Головенка исчезла, стрельнув большими хитрющими глазами и озорно улыбнувшись. Было ясно, что спать «шельмец» все равно не будет. Лиза достала пластинки…

— Интересно, прежде я был равнодушен к роялю, — сказал Ярцев, усаживаясь на диван. — Фортепьянная музыка казалась скучной. А вот в войну… Лиза, отыщи, пожалуйста, эту…

— А я уже отыскала. — Лиза издали показала пластинку с темно-синим кружком в середине.

— Ну-ну, — кивнул Ярцев. — Послушайте эту вещь, Татьяна Григорьевна.

Лиза поставила пластинку.

— Этюд Шопена до-минор, — тихо сказала Таня, услышав первые звуки.

Ярцев кивнул и откинулся на спинку дивана. Лиза подсела к нему. Алексей перебирал книги и, казалось, ни на что больше не обращал внимания.

Таня слушала, наклонив голову и положив на колени руки. Алексей задержал на ней взгляд. Рука его так и замерла с книгой. Что-то новое, необычное открылось ему вдруг в Танином лице. Алексей так и простоял с раскрытой книгой в руках, пока не кончилась музыка. В комнате стало так тихо, что слышался даже шорох крыльев ночной бабочки, которая билась под абажуром.

— Вот такая же тишина была тогда в зале, — задумчиво сказал Ярцев. — Нравится вам эта вещь?

Таня подняла голову.

— Очень!

— У нас с вами вкусы сходятся, — улыбнулась Лиза. — Мы с ним, — она коснулась Ярцева плечом, — любим эту вещь больше всего. Когда он был в Германии, уже после войны, мне было очень трудно одной. Детей еще не было. Приду домой с работы, и тоскливо, тревожно так… Вот я поставлю эту пластинку и слушаю… А наслушаюсь — как будто с ним поговорила.

— Музыку должен любить каждый, — медленно заговорил Ярцев. — Но чтобы это случилось, надо… Даже не знаю, как это вам объяснить.

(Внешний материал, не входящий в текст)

Lemma uniq_path_in (S : {set T}) x y : connect (induced e S) x y -> x != y ->
  exists p, [/\ path (induced e S) x p, uniq (x :: p), p != [::] & last x p = y].
Proof.
case/connectP=> p0 pp0 -> xy; case: (shortenP pp0) xy => p pp up _ xy.
by exists p; split => //; apply: contraNneq xy => ->.
Qed.

Lemma connected_in_neighbour (S : {set T}) x : connected_in e S -> x \in S -> 1 < #|S| ->
  exists2 y, y \in S & e x y.
Proof.
move=> cS xS /card_gt1P[a [b [aS bS ab]]].
have [u uS ux] : exists2 u, u \in S & u != x.
  by case: (eqVneq a x) => [ax|]; [exists b => //; rewrite -ax eq_sym|exists a].
case/connectP: (cS x u xS uS) => [[|y p]] /=; first by move=> _ ux'; rewrite ux' eqxx in ux.
by case/andP=> /and3P[_ yS exy] _ _; exists y.
Qed.

Section Distance.
Variables (S : {set T}) (r : T).
Hypothesis S_conn : connected_in e S.
Hypothesis rS : r \in S.

Definition reach_in (n : nat) (u : T) : bool :=
  [exists q : n.-tuple T, path (induced e S) r q && (last r q == u)].

Definition dist_in (u : T) : nat := find (reach_in^~ u) (iota 0 #|T|).

Lemma dist_inP q : path (induced e S) r q -> size q < #|T| ->
  [/\ dist_in (last r q) <= size q, reach_in (dist_in (last r q)) (last r q)
    & dist_in (last r q) < #|T|].
Proof.
move=> pq sq; set u := last r q.
have Pq : reach_in (size q) u by apply/existsP; exists (in_tuple q); rewrite /= pq eqxx.
have hs : has (reach_in^~ u) (iota 0 #|T|) by apply/hasP; exists (size q); rewrite ?mem_iota.
have lt : dist_in u < #|T| by move: hs; rewrite has_find size_iota.
split => //; last by have := nth_find 0 hs; rewrite nth_iota // add0n.
rewrite leqNgt; apply/negP => lt'.
by have := before_find 0 lt'; rewrite nth_iota ?add0n ?Pq // (ltn_trans lt').
Qed.

Lemma short_path_in u : u \in S ->
  exists q, [/\ path (induced e S) r q, last r q = u & size q < #|T|].
Proof.
move=> uS; have [-> | ru] := eqVneq r u.
  by exists [::]; split => //=; apply/card_gt0P; exists u.
have [q [pq uq _ <-]] := uniq_path_in (S_conn rS uS) ru; exists q; split => //.
by have := card_uniqP uq; rewrite /= => <-; rewrite max_card.
Qed.

Lemma dist_in_lt u : u \in S -> dist_in u < #|T|.
Proof. by case/short_path_in=> q [pq <- sq]; case: (dist_inP pq sq). Qed.

Lemma dist_in_geodesic u : u \in S ->
  exists q, [/\ path (induced e S) r q, last r q = u & size q = dist_in u].
Proof.
case/short_path_in=> q [pq <- sq].
have [_ /existsP[q' /andP[pq' /eqP lq']] _] := dist_inP pq sq.
by exists q'; rewrite size_tuple lq'.
Qed.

Надо, чтобы, знаете, ну… произошло что-то с человеком, что-то потрясло его, чтобы пережил что-то во время музыки… Со мной так, должно быть, и получилось.

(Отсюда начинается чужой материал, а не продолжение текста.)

(* Let $s_1\in\mathbb{Q}$ with $0<s_1<1$ and put $u_1=\frac{1-s_1^2}{2s_1}$. Let $m\in\mathbb{Q}$ with $0<m<\sqrt2-1$, and let $\alpha\in(0,\pi/4)$ be the angle with generator $m$, so that $\cos\alpha=\frac{1-m^2}{1+m^2}$ and $\sin\alpha=\frac{2m}{1+m^2}$. Write $\omega_\pm=\omega_\pm(\alpha)=\cos\alpha\pm\sin\alpha$. (a) For nonzero real numbers $s_2,s_3,s_4$, with $Q=s_3s_4$, the system $$s_2s_3=\omega_-,\qquad s_2s_3=Q\,\omega_+,\qquad s_2\,\omega_+=2u_1\,\omega_-+s_4$$ holds if and only if $$s_2=2u_1\cot(2\alpha),\qquad s_3=\frac{\omega_-}{s_2},\qquad s_4=\frac{s_2}{\omega_+}.$$ (b) Let $s_2,s_3,s_4$ be given by these formulas, and suppose $0<s_k<1$ for $k=2,3,4$. Put $u_k=\frac{1-s_k^2}{2s_k}$ and $v_k=\frac{1+s_k^2}{2s_k}$ for $k=1,2,3,4$. Then all $u_k,v_k$ are positive rational numbers satisfying $$1+u_k^2=v_k^2\ (k=1,2,3,4),\qquad 2u_1^2+2u_2^2=u_3^2+u_4^2 .$$ Consequently, writing $x$ for a common denominator and $y=xu_1$, $z=xu_2$, $c_1=xu_3$, $c_2=xu_4$, $a=xv_1$, $b=xv_2$, $d_1=xv_3$, $d_2=xv_4$, the numbers satisfy $x^2+y^2=a^2$, $x^2+z^2=b^2$, $x^2+c_1^2=d_1^2$, $x^2+c_2^2=d_2^2$, $2y^2+2z^2=c_1^2+c_2^2$, i.e. they form a rational (after scaling, perfect) leaning box.
   Context: The generator of an angle $\theta$ is $m(\theta)=\frac{\sin\theta}{1+\cos\theta}=\tan(\theta/2)$. A leaning box is a parallelepiped with edges $x,y,z$ whose faces spanned by $(x,y)$ and $(x,z)$ are rectangles (diagonals $a$, $b$) and whose face spanned by $(y,z)$ is a parallelogram with diagonals $c_1,c_2$; its two distinct body diagonals are $d_1,d_2$. It is perfect if all nine quantities are positive integers. *)

From Stdlib Require Import Reals QArith Qreals List.
Open Scope R_scope.

Definition is_rat (x : R) : Prop := exists q : Q, Q2R q = x.

Definition cot (x : R) : R := cos x / sin x.

(* the angle whose generator m(theta) = tan(theta/2) is m, taken in (-pi,pi) *)
Definition angle_of_gen (m : R) : R := 2 * atan m.

Definition omega_p (a : R) : R := cos a + sin a.
Definition omega_m (a : R) : R := cos a - sin a.

Definition uu (s : R) : R := (1 - s ^ 2) / (2 * s).
Definition vv (s : R) : R := (1 + s ^ 2) / (2 * s).

(* The generator m parametrises cos and sin of the angle rationally, so every
   quantity built from s1 and m is rational.  For part (a), the first two
   equations force s2 = s4 * omega_+ (s3 is nonzero); substituting into the third
   and using omega_+^2 = 1 + sin(2 alpha) leaves a linear equation for s2.
   For part (b), with p = omega_+ and q = omega_- one has p^2 + q^2 = 2 and
   p q = cos(2 alpha), and the relation 2 u1^2 + 2 u2^2 = u3^2 + u4^2 reduces to
   1 - cos^2(2 alpha) = sin^2(2 alpha). *)
From Stdlib Require Import Reals QArith Qreals List Lra Lia Psatz.
Open Scope R_scope.

Lemma cos_angle_of_gen m : cos (angle_of_gen m) = (1 - m ^ 2) / (1 + m ^ 2).
Proof.
  unfold angle_of_gen; rewrite cos_2a, cos_atan, sin_atan.
  assert (Hpos : 0 < 1 + m²) by (unfold Rsqr; nra).
  assert (Hsqrt := sqrt_lt_R0 _ Hpos).
  unfold Rsqr in *; field_simplify; try lra.
  rewrite !pow2_sqrt; try lra.
  field; lra.
Qed.

Lemma sin_angle_of_gen m : sin (angle_of_gen m) = 2 * m / (1 + m ^ 2).
Proof.
  unfold angle_of_gen; rewrite sin_2a, cos_atan, sin_atan.
  assert (Hpos : 0 < 1 + m²) by (unfold Rsqr; nra).
  assert (Hsqrt := sqrt_lt_R0 _ Hpos).
  unfold Rsqr in *; field_simplify; try lra.
  rewrite !pow2_sqrt; try lra.
  field; lra.
Qed.

Lemma cos_sin_angle_of_gen_pos m :
  0 < m < 1 -> 0 < cos (angle_of_gen m) /\ 0 < sin (angle_of_gen m).
Proof.
  intros Hm; rewrite cos_angle_of_gen, sin_angle_of_gen.
  split; apply Rdiv_lt_0_compat; nra.
Qed.

Lemma cot_double x :
  cot (2 * x) = (cos x * cos x - sin x * sin x) / (2 * sin x * cos x).
Proof. unfold cot; rewrite sin_2a, cos_2a; reflexivity. Qed.

Lemma is_rat_IZR z : is_rat (IZR z).
Proof. exists (inject_Z z); unfold Q2R; simpl; field. Qed.

Lemma is_rat_plus x y : is_rat x -> is_rat y -> is_rat (x + y).
Proof. intros [a <-] [b <-]; exists (a + b)%Q; apply Q2R_plus. Qed.

Lemma is_rat_mult x y : is_rat x -> is_rat y -> is_rat (x * y).
Proof. intros [a <-] [b <-]; exists (a * b)%Q; apply Q2R_mult. Qed.

Lemma is_rat_opp x : is_rat x -> is_rat (- x).
Proof. intros [a <-]; exists (- a)%Q; apply Q2R_opp. Qed.

Lemma is_rat_minus x y : is_rat x -> is_rat y -> is_rat (x - y).
Proof. intros; apply is_rat_plus; [|apply is_rat_opp]; assumption. Qed.

(* [/ 0] is [0] in Rocq, so no side condition is needed. *)
Lemma is_rat_inv x : is_rat x -> is_rat (/ x).
Proof.
  intros [a <-]; destruct (Qeq_dec a 0) as [Ha | Ha].
  - rewrite (Qeq_eqR _ _ Ha), RMicromega.Q2R_0, Rinv_0; apply (is_rat_IZR 0).
  - exists (/ a)%Q; apply Q2R_inv; assumption.
Qed.

Lemma is_rat_div x y : is_rat x -> is_rat y -> is_rat (x / y).
Proof. intros; apply is_rat_mult; [|apply is_rat_inv]; assumption. Qed.

Lemma is_rat_pow x n : is_rat x -> is_rat (x ^ n).
Proof.
  intros Hx; induction n as [|n IH]; simpl.
  - apply (is_rat_IZR 1).
  - apply is_rat_mult; assumption.
Qed.

Create HintDb rat.
#[export] Hint Resolve is_rat_IZR is_rat_plus is_rat_mult is_rat_minus
  is_rat_div is_rat_pow : rat.

Lemma is_rat_uu s : is_rat s -> is_rat (uu s).
Proof. intros; unfold uu; auto with rat. Qed.

Lemma is_rat_vv s : is_rat s -> is_rat (vv s).
Proof. intros; unfold vv; auto with rat. Qed.

Lemma uu_pos s : 0 < s < 1 -> 0 < uu s.
Proof. intros; unfold uu; apply Rdiv_lt_0_compat; nra. Qed.

Lemma vv_pos s : 0 < s -> 0 < vv s.
Proof. intros; unfold vv; apply Rdiv_lt_0_compat; nra. Qed.

Lemma one_plus_uu_sq s : s <> 0 -> 1 + uu s ^ 2 = vv s ^ 2.
Proof. intros; unfold uu, vv; field; assumption. Qed.

Lemma is_rat_cos_angle_of_gen m : is_rat m -> is_rat (cos (angle_of_gen m)).
Proof. intros; rewrite cos_angle_of_gen; auto with rat. Qed.

Lemma is_rat_sin_angle_of_gen m : is_rat m -> is_rat (sin (angle_of_gen m)).
Proof. intros; rewrite sin_angle_of_gen; auto with rat. Qed.

Lemma is_rat_cot_double x :
  is_rat (cos x) -> is_rat (sin x) -> is_rat (cot (2 * x)).
Proof. intros; rewrite cot_double; auto with rat. Qed.

Lemma rational_edge_facts s :
  is_rat s -> 0 < s < 1 ->
  0 < uu s /\ 0 < vv s /\ is_rat (uu s) /\ is_rat (vv s) /\ 1 + uu s ^ 2 = vv s ^ 2.
Proof.
  intros Hr Hs; split; [|split; [|split; [|split]]].
  - apply uu_pos, Hs.
  - apply vv_pos; lra.
  - apply is_rat_uu, Hr.
  - apply is_rat_vv, Hr.
  - apply one_plus_uu_sq; lra.
Qed.

Lemma is_rat_common_denominator (l : list R) :
  Forall is_rat l ->
  exists d : nat, (0 < d)%nat /\ Forall (fun r => exists k : Z, INR d * r = IZR k) l.
Proof.
  induction 1 as [|r l [q <-] _ [d [Hd Hl]]].
  - exists 1%nat; split; [lia | constructor].
  - exists (d * Pos.to_nat (Qden q))%nat; split; [lia|]; constructor.
    + exists (Z.of_nat d * Qnum q)%Z.
      unfold Q2R; rewrite mult_INR, mult_IZR, <- INR_IZR_INZ,
        (INR_IZR_INZ (Pos.to_nat _)), Znat.positive_nat_Z.
      field; apply not_0_IZR; lia.
    + eapply Forall_impl; [|exact Hl]; intros a [k Hk].
      exists (k * Z.of_nat (Pos.to_nat (Qden q)))%Z.
      rewrite mult_IZR, <- Hk, <- INR_IZR_INZ, mult_INR; ring.
Qed.

Lemma positive_rationals_common_denominator (l : list R) :
  Forall (fun r => 0 < r /\ is_rat r) l ->
  exists d : nat, (0 < d)%nat /\
    Forall (fun r => exists n : nat, (0 < n)%nat /\ INR n = INR d * r) l.
Proof.
  intros Hl.
  destruct (is_rat_common_denominator l) as [d [Hd Hk]].
  { eapply Forall_impl; [|exact Hl]; intros r [_ Hr]; exact Hr. }
  exists d; split; [exact Hd|].
  rewrite Forall_forall in Hl, Hk |- *; intros r Hr.
  destruct (Hk r Hr) as [k Hdr]; destruct (Hl r Hr) as [Hpos _].
  assert (Hk0 : (0 < k)%Z).
  { apply lt_IZR; rewrite <- Hdr; apply Rmult_lt_0_compat; [apply lt_0_INR|]; lia || lra. }
  exists (Z.to_nat k); split; [lia|].
  rewrite Hdr, INR_IZR_INZ, Znat.Z2Nat.id; [reflexivity | lia].
Qed.

Lemma scaled_pythagorean_triple (x y a : nat) u v :
  INR y = INR x * u -> INR a = INR x * v -> 1 + u ^ 2 = v ^ 2 ->
  (x * x + y * y = a * a)%nat.
Proof.
  intros Hy Ha Huv; apply INR_eq.
  rewrite plus_INR, !mult_INR, Hy, Ha.
  transitivity (INR x ^ 2 * (1 + u ^ 2)); [ring|].
  rewrite Huv; ring.
Qed.

Lemma perfect_box_of_rational_box u1 u2 u3 u4 v1 v2 v3 v4 :
  Forall (fun r => 0 < r /\ is_rat r) (u1 :: u2 :: u3 :: u4 :: v1 :: v2 :: v3 :: v4 :: nil) ->
  1 + u1 ^ 2 = v1 ^ 2 -> 1 + u2 ^ 2 = v2 ^ 2 ->
  1 + u3 ^ 2 = v3 ^ 2 -> 1 + u4 ^ 2 = v4 ^ 2 ->
  2 * u1 ^ 2 + 2 * u2 ^ 2 = u3 ^ 2 + u4 ^ 2 ->
  exists x y z c1 c2 a b d1 d2 : nat,
    (0 < x)%nat /\ (0 < y)%nat /\ (0 < z)%nat /\ (0 < c1)%nat /\ (0 < c2)%nat /\
    (0 < a)%nat /\ (0 < b)%nat /\ (0 < d1)%nat /\ (0 < d2)%nat /\
    INR y = INR x * u1 /\ INR z = INR x * u2 /\
    INR c1 = INR x * u3 /\ INR c2 = INR x * u4 /\
    INR a = INR x * v1 /\ INR b = INR x * v2 /\
    INR d1 = INR x * v3 /\ INR d2 = INR x * v4 /\
    (x * x + y * y = a * a)%nat /\ (x * x + z * z = b * b)%nat /\
    (x * x + c1 * c1 = d1 * d1)%nat /\ (x * x + c2 * c2 = d2 * d2)%nat /\
    (2 * (y * y) + 2 * (z * z) = c1 * c1 + c2 * c2)%nat.
Proof.
  intros Hl H1 H2 H3 H4 Hsum.
  destruct (positive_rationals_common_denominator _ Hl) as [x [Hx Hn]].
  repeat rewrite Forall_cons_iff in Hn.
  destruct Hn as [[y [Hy Ey]] [[z [Hz Ez]] [[c1 [Hc1 Ec1]] [[c2 [Hc2 Ec2]]
    [[a [Ha Ea]] [[b [Hb Eb]] [[d1 [Hd1 Ed1]] [[d2 [Hd2 Ed2]] _]]]]]]]].
  exists x, y, z, c1, c2, a, b, d1, d2.
  do 17 (split; [assumption|]).
  split; [apply (scaled_pythagorean_triple _ _ _ u1 v1); assumption|].
  split; [apply (scaled_pythagorean_triple _ _ _ u2 v2); assumption|].
  split; [apply (scaled_pythagorean_triple _ _ _ u3 v3); assumption|].
  split; [apply (scaled_pythagorean_triple _ _ _ u4 v4); assumption|].
  apply INR_eq; rewrite !plus_INR, !mult_INR, Ey, Ez, Ec1, Ec2.
  transitivity (INR x ^ 2 * (2 * u1 ^ 2 + 2 * u2 ^ 2)); [simpl; ring|].
  rewrite Hsum; ring.
Qed.

Lemma uu_sq_quotients p q s :
  p <> 0 -> q <> 0 -> s <> 0 -> p ^ 2 + q ^ 2 = 2 ->
  uu (q / s) ^ 2 + uu (s / p) ^ 2
  = 2 * uu s ^ 2 + s ^ 2 * (1 - (p * q) ^ 2) / (2 * (p * q) ^ 2).
Proof.
  intros Hp Hq Hs Hpq.
  apply Rminus_diag_uniq.
  transitivity ((p ^ 2 + q ^ 2 - 2) * (1 / s ^ 2 + s ^ 2 / (p * q) ^ 2) / 4).
  - unfold uu; field; auto.
  - rewrite Hpq; field; auto.
Qed.

Section LeaningSystem.

Variables C S u : R.
Hypothesis unit_circle : C * C + S * S = 1.
Hypothesis C_pos : 0 < C.
Hypothesis S_pos : 0 < S.

Lemma leaning_system_iff s2 s3 s4 :
  s2 <> 0 -> s3 <> 0 -> s4 <> 0 ->
  (s2 * s3 = C - S /\ s2 * s3 = s3 * s4 * (C + S) /\ s2 * (C + S) = 2 * u * (C - S) + s4) <->
  (s2 = 2 * u * ((C * C - S * S) / (2 * S * C)) /\ s3 = (C - S) / s2 /\ s4 = s2 / (C + S)).
Proof.
  intros n2 n3 n4.
  assert (Hsq : (C + S) * (C + S) = 1 + 2 * S * C) by nra.
  split.
  - intros [h1 [h2 h3]].
    assert (h4 : s2 = s4 * (C + S)).
    { apply (Rmult_eq_reg_l s3); [nra | assumption]. }
    split; [|split]; [| rewrite <- h1; field; assumption | rewrite h4; field; lra].
    assert (Hlin : s2 * (1 + 2 * S * C) = 2 * u * (C - S) * (C + S) + s2).
    { rewrite <- Hsq; replace s4 with (s2 / (C + S)) in h3 by (rewrite h4; field; lra).
      replace (s2 * ((C + S) * (C + S))) with (s2 * (C + S) * (C + S)) by ring.
      rewrite h3; field; lra. }
    apply (Rmult_eq_reg_r (2 * S * C)); [field_simplify; nra | nra].
  - intros [h1 [h2 h3]]; split; [|split].
    + rewrite h2; field; assumption.
    + rewrite h2, h3; field; split; lra.
    + rewrite h3.
      replace (s2 * (C + S)) with (s2 * ((C + S) * (C + S)) / (C + S)) by (field; lra).
      rewrite Hsq, h1; field; repeat split; lra.
Qed.

Lemma leaning_sum_of_squares s2 :
  s2 = 2 * u * ((C * C - S * S) / (2 * S * C)) -> s2 <> 0 -> C - S <> 0 ->
  2 * u ^ 2 + 2 * uu s2 ^ 2 = uu ((C - S) / s2) ^ 2 + uu (s2 / (C + S)) ^ 2.
Proof.
  intros Hs2 n2 nCS.
  rewrite uu_sq_quotients by (lra || nra).
  replace ((C + S) * (C - S)) with (C * C - S * S) by ring.
  replace (1 - (C * C - S * S) ^ 2) with (4 * (S * C) ^ 2)
    by (rewrite <- (pow1 2), <- unit_circle; ring).
  assert (Hd : C * C - S * S <> 0) by (intro E; rewrite E in Hs2; apply n2; rewrite Hs2; field; lra).
  rewrite Hs2; field; repeat split; lra.
Qed.

End LeaningSystem.

Theorem theorem1 (s1 m : R) :
  is_rat s1 -> 0 < s1 < 1 ->
  is_rat m -> 0 < m < sqrt 2 - 1 ->
  let al := angle_of_gen m in
  let u1 := uu s1 in
  (* (a) *)
  (forall s2 s3 s4 : R, s2 <> 0 -> s3 <> 0 -> s4 <> 0 ->
     let Q := s3 * s4 in
     (s2 * s3 = omega_m al /\ s2 * s3 = Q * omega_p al /\
      s2 * omega_p al = 2 * u1 * omega_m al + s4)
     <->
     (s2 = 2 * u1 * cot (2 * al) /\ s3 = omega_m al / s2 /\ s4 = s2 / omega_p al))
  /\
  (* (b) *)
  (let s2 := 2 * u1 * cot (2 * al) in
   let s3 := omega_m al / s2 in
   let s4 := s2 / omega_p al in
   0 < s2 < 1 -> 0 < s3 < 1 -> 0 < s4 < 1 ->
   (forall s, In s (s1 :: s2 :: s3 :: s4 :: nil) ->
      0 < uu s /\ 0 < vv s /\ is_rat (uu s) /\ is_rat (vv s) /\
      1 + uu s ^ 2 = vv s ^ 2) /\
   2 * uu s1 ^ 2 + 2 * uu s2 ^ 2 = uu s3 ^ 2 + uu s4 ^ 2 /\
   (* a perfect leaning box obtained by scaling with a common denominator x *)
   exists x y z c1 c2 a b d1 d2 : nat,
     (0 < x)%nat /\ (0 < y)%nat /\ (0 < z)%nat /\ (0 < c1)%nat /\ (0 < c2)%nat /\
     (0 < a)%nat /\ (0 < b)%nat /\ (0 < d1)%nat /\ (0 < d2)%nat /\
     INR y = INR x * uu s1 /\ INR z = INR x * uu s2 /\
     INR c1 = INR x * uu s3 /\ INR c2 = INR x * uu s4 /\
     INR a = INR x * vv s1 /\ INR b = INR x * vv s2 /\
     INR d1 = INR x * vv s3 /\ INR d2 = INR x * vv s4 /\
     (x * x + y * y = a * a)%nat /\ (x * x + z * z = b * b)%nat /\
     (x * x + c1 * c1 = d1 * d1)%nat /\ (x * x + c2 * c2 = d2 * d2)%nat /\
     (2 * (y * y) + 2 * (z * z) = c1 * c1 + c2 * c2)%nat).
Proof.
  intros Hr1 H1 Hrm Hm al u1.
  assert (Hm1 : 0 < m < 1).
  { assert (Hsqrt2 := sqrt_sqrt 2 ltac:(lra)).
    assert (Hsqrt2_pos := sqrt_lt_R0 2 ltac:(lra)).
    nra. }
  destruct (cos_sin_angle_of_gen_pos m Hm1) as [HC HS].
  assert (unit_circle : cos al * cos al + sin al * sin al = 1)
    by (generalize (sin2_cos2 al); unfold Rsqr; lra).
  split.
  - intros s2 s3 s4 n2 n3 n4 Q; unfold Q, omega_m, omega_p; rewrite cot_double.
    apply (leaning_system_iff _ _ _ unit_circle HC HS); assumption.
  - intros s2 s3 s4 h2 h3 h4.
    assert (HrC := is_rat_cos_angle_of_gen m Hrm).
    assert (HrS := is_rat_sin_angle_of_gen m Hrm).
    assert (Hr2 : is_rat s2) by (unfold s2, u1; auto using is_rat_uu, is_rat_cot_double with rat).
    assert (Hr3 : is_rat s3) by (unfold s3, omega_m; auto with rat).
    assert (Hr4 : is_rat s4) by (unfold s4, omega_p; auto with rat).
    assert (Hedges : forall s, In s (s1 :: s2 :: s3 :: s4 :: nil) ->
      0 < uu s /\ 0 < vv s /\ is_rat (uu s) /\ is_rat (vv s) /\ 1 + uu s ^ 2 = vv s ^ 2)
      by (intros s [<-|[<-|[<-|[<-|[]]]]]; apply rational_edge_facts; assumption).
    assert (Hsum : 2 * uu s1 ^ 2 + 2 * uu s2 ^ 2 = uu s3 ^ 2 + uu s4 ^ 2).
    { assert (HCS : cos al - sin al <> 0)
        by (intro E; unfold s3, omega_m in h3; rewrite E in h3; unfold Rdiv in h3; lra).
      unfold s3, s4, omega_m, omega_p.
      apply (leaning_sum_of_squares _ _ _ unit_circle HC HS); [| lra | exact HCS].
      unfold s2; rewrite cot_double; reflexivity. }
    split; [exact Hedges|]; split; [exact Hsum|].
    apply perfect_box_of_rational_box; try (apply Hedges; simpl; tauto); try exact Hsum.
    repeat constructor; apply Hedges; simpl; tauto.
Qed.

— Расскажите, — нерешительно попросила Таня.

Ярцев не ответил. Он сидел склонившись. Длинные кисти его загорелых рук свисали с колен. Он все что-то вспоминал. Лиза поднялась с дивана и перебирала пластинки, Алексей листал книгу.

2

— Да… — сказал наконец Ярцев.

Под абажуром все билась и билась бабочка. На светлой скатерти металась трепетная тень ее крыльев.

Ярцев начал рассказывать. Говорил с большими паузами и словно сам для себя, позабыв о присутствующих. Но чем дальше, тем рассказ его делался все более стройным.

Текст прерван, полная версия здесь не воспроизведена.